(Exercise prompt)
Go to the line that contains "(opX : (X -> Prop) -> Prop) (H" and extract it along with every line after it, exactly, through the end of the data below.

(The data)

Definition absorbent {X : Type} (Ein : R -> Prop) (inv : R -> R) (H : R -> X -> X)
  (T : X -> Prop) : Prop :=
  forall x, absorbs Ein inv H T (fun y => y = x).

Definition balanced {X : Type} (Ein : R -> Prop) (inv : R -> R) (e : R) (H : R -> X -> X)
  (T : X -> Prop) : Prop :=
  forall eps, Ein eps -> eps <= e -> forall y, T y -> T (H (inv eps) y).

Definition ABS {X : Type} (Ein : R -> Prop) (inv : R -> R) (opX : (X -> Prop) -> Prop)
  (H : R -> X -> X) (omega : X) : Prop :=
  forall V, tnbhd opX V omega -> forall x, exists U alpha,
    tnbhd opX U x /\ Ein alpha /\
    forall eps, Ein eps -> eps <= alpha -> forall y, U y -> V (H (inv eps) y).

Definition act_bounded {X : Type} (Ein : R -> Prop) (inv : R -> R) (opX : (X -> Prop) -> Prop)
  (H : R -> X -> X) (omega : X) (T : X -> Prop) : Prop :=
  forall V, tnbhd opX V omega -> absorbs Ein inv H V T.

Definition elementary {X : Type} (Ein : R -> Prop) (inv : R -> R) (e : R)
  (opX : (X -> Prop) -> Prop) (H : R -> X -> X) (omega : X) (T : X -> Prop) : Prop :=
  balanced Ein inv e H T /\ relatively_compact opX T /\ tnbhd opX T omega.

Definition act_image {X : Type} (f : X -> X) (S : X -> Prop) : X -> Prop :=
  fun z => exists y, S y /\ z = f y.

(Answer to this problem)
  (opX : (X -> Prop) -> Prop) (H : R -> X -> X) (omega : X) (T : X -> Prop) : Prop :=
  balanced Ein inv e H T /\ relatively_compact opX T /\ tnbhd opX T omega.

Definition act_image {X : Type} (f : X -> X) (S : X -> Prop) : X -> Prop :=
  fun z => exists y, S y /\ z = f y.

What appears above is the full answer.